──────── RECORDS SHOWN ────────

(* Let $\mathscr P$ be a finite collection of finite posets. If $\sum_{P\in\mathscr P}K_P(\mathbf x)$ is a symmetric function, then it is $p$-positive, i.e. it is a linear combination of power sum symmetric functions $p_\lambda$ with nonnegative coefficients.
   Context: For a finite poset $P$, $K_P(\mathbf x)=\sum_f\prod_{x\in P}x_{f(x)}$, summed over all maps $f:P\to\mathbb Z_{>0}$ with $x<_Py\Rightarrow f(x)\le f(y)$; this is a quasisymmetric function in $\mathbf x=(x_1,x_2,\dots)$. $p_\lambda$ denotes the power sum symmetric function. *)

From HB Require Import structures.
From mathcomp Require Import all_boot all_order all_algebra.
Set Implicit Arguments. Unset Strict Implicit. Unset Printing Implicit Defensive.
Import Order.TTheory GRing.Theory Num.Theory.

(* Monomials in x_1, x_2, ... are encoded by exponent sequences a : seq nat,
   where nth 0 a i is the exponent of x_(i+1); trailing zeros are allowed
   (a and a ++ [:: 0] encode the same monomial, and all coefficients below
   agree on them).  A formal power series is given by its coefficient
   function seq nat -> nat (or rat). *)

(* Coefficient of x^a in K_P: number of maps f : P -> {1,..,size a}
   (encoded as 'I_(size a), value i standing for i+1) with
   x <_P y => f x <= f y, and |f^-1(i+1)| = a_i for every i. *)
Definition Kcoef (d : Order.disp_t) (P : finPOrderType d) (a : seq nat) : nat :=
  #|[set f : {ffun P -> 'I_(size a)} |
      [forall x : P, forall y : P, (x < y)%O ==> (f x <= f y)%N] &&
      [forall i : 'I_(size a), #|[set x : P | f x == i]| == nth 0 a i]]|.

(* Coefficient of x^a in p_l = prod_j (sum_i x_i^(l_j)): number of ways to
   choose a variable index for each part so that the exponents add to a. *)
Definition Pcoef (l a : seq nat) : nat :=
  #|[set g : {ffun 'I_(size l) -> 'I_(size a)} |
      [forall i : 'I_(size a), (\sum_(j < size l | g j == i) nth 0 l j) == nth 0 a i]]|.

Definition is_partition (l : seq nat) : bool := sorted geq l && all (leq 1) l.

From HB Require Import structures.
From mathcomp Require Import all_boot all_order all_algebra zify.
Set Implicit Arguments. Unset Strict Implicit. Unset Printing Implicit Defensive.
Import Order.TTheory GRing.Theory Num.Theory.
Local Open Scope ring_scope.

(* A quasisymmetric function is identified with its coefficient function on
   compositions.  For a composition [al], [pdual al] sums the coefficients at
   the compositions refining [al] block by block, each weighted by a sign and
   by the product of the first parts of the blocks.  Expanding [K_P] along
   chains of upsets of [P] turns [pdual al K_P] into a sum of products of
   one-block values, and by Moebius inversion in the lattice of upsets a
   one-block value is the weight of the greatest element of the block if
   there is one, and [0] otherwise; so [pdual al K_P >= 0].  Seeing [p_mu] as
   [K] of an antichain with weights [mu], the same computation shows that
   [pdual lam p_mu <> 0] iff [lam = mu] for partitions [lam], [mu].  Finally
   [pdual lam] only sees compositions of [sumn lam] that are at most as long
   as [lam], and sees [lam] with the factor [prod lam], so a symmetric
   function killed by every [pdual lam] vanishes (induction on
   [sumn lam - size lam]).  This applies to [sum_P K_P - sum_mu c_mu p_mu]
   with [c_mu = pdual mu (sum_P K_P) / pdual mu p_mu >= 0]. *)

(** * Alternating sums over compositions *)

(* [alt_sumF fuel m psi b] is the sum of [(-1)^(size c) * psi (c ++ b)] over
   the compositions [c] of [m], provided [m <= fuel]. *)
Fixpoint alt_sumF (fuel m : nat) (psi : seq nat -> rat) (b : seq nat) : rat :=
  if fuel is fuel'.+1 then
    if m is 0 then psi b
    else - \sum_(j < m) alt_sumF fuel' (m - j.+1) (fun b' => psi (j.+1 :: b')) b
  else psi b.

────────

### WORK REQUEST
Reproduce each entry exactly, with nothing missing.

### PROBLEM SOLUTION
(* Let $\mathscr P$ be a finite collection of finite posets. If $\sum_{P\in\mathscr P}K_P(\mathbf x)$ is a symmetric function, then it is $p$-positive, i.e. it is a linear combination of power sum symmetric functions $p_\lambda$ with nonnegative coefficients.
   Context: For a finite poset $P$, $K_P(\mathbf x)=\sum_f\prod_{x\in P}x_{f(x)}$, summed over all maps $f:P\to\mathbb Z_{>0}$ with $x<_Py\Rightarrow f(x)\le f(y)$; this is a quasisymmetric function in $\mathbf x=(x_1,x_2,\dots)$. $p_\lambda$ denotes the power sum symmetric function. *)

From HB Require Import structures.
From mathcomp Require Import all_boot all_order all_algebra.
Set Implicit Arguments. Unset Strict Implicit. Unset Printing Implicit Defensive.
Import Order.TTheory GRing.Theory Num.Theory.

(* Monomials in x_1, x_2, ... are encoded by exponent sequences a : seq nat,
   where nth 0 a i is the exponent of x_(i+1); trailing zeros are allowed
   (a and a ++ [:: 0] encode the same monomial, and all coefficients below
   agree on them).  A formal power series is given by its coefficient
   function seq nat -> nat (or rat). *)

(* Coefficient of x^a in K_P: number of maps f : P -> {1,..,size a}
   (encoded as 'I_(size a), value i standing for i+1) with
   x <_P y => f x <= f y, and |f^-1(i+1)| = a_i for every i. *)
Definition Kcoef (d : Order.disp_t) (P : finPOrderType d) (a : seq nat) : nat :=
  #|[set f : {ffun P -> 'I_(size a)} |
      [forall x : P, forall y : P, (x < y)%O ==> (f x <= f y)%N] &&
      [forall i : 'I_(size a), #|[set x : P | f x == i]| == nth 0 a i]]|.

(* Coefficient of x^a in p_l = prod_j (sum_i x_i^(l_j)): number of ways to
   choose a variable index for each part so that the exponents add to a. *)
Definition Pcoef (l a : seq nat) : nat :=
  #|[set g : {ffun 'I_(size l) -> 'I_(size a)} |
      [forall i : 'I_(size a), (\sum_(j < size l | g j == i) nth 0 l j) == nth 0 a i]]|.

Definition is_partition (l : seq nat) : bool := sorted geq l && all (leq 1) l.

From HB Require Import structures.
From mathcomp Require Import all_boot all_order all_algebra zify.
Set Implicit Arguments. Unset Strict Implicit. Unset Printing Implicit Defensive.
Import Order.TTheory GRing.Theory Num.Theory.
Local Open Scope ring_scope.

(* A quasisymmetric function is identified with its coefficient function on
   compositions.  For a composition [al], [pdual al] sums the coefficients at
   the compositions refining [al] block by block, each weighted by a sign and
   by the product of the first parts of the blocks.  Expanding [K_P] along
   chains of upsets of [P] turns [pdual al K_P] into a sum of products of
   one-block values, and by Moebius inversion in the lattice of upsets a
   one-block value is the weight of the greatest element of the block if
   there is one, and [0] otherwise; so [pdual al K_P >= 0].  Seeing [p_mu] as
   [K] of an antichain with weights [mu], the same computation shows that
   [pdual lam p_mu <> 0] iff [lam = mu] for partitions [lam], [mu].  Finally
   [pdual lam] only sees compositions of [sumn lam] that are at most as long
   as [lam], and sees [lam] with the factor [prod lam], so a symmetric
   function killed by every [pdual lam] vanishes (induction on
   [sumn lam - size lam]).  This applies to [sum_P K_P - sum_mu c_mu p_mu]
   with [c_mu = pdual mu (sum_P K_P) / pdual mu p_mu >= 0]. *)

(** * Alternating sums over compositions *)

(* [alt_sumF fuel m psi b] is the sum of [(-1)^(size c) * psi (c ++ b)] over
   the compositions [c] of [m], provided [m <= fuel]. *)
Fixpoint alt_sumF (fuel m : nat) (psi : seq nat -> rat) (b : seq nat) : rat :=
  if fuel is fuel'.+1 then
    if m is 0 then psi b
    else - \sum_(j < m) alt_sumF fuel' (m - j.+1) (fun b' => psi (j.+1 :: b')) b
  else psi b.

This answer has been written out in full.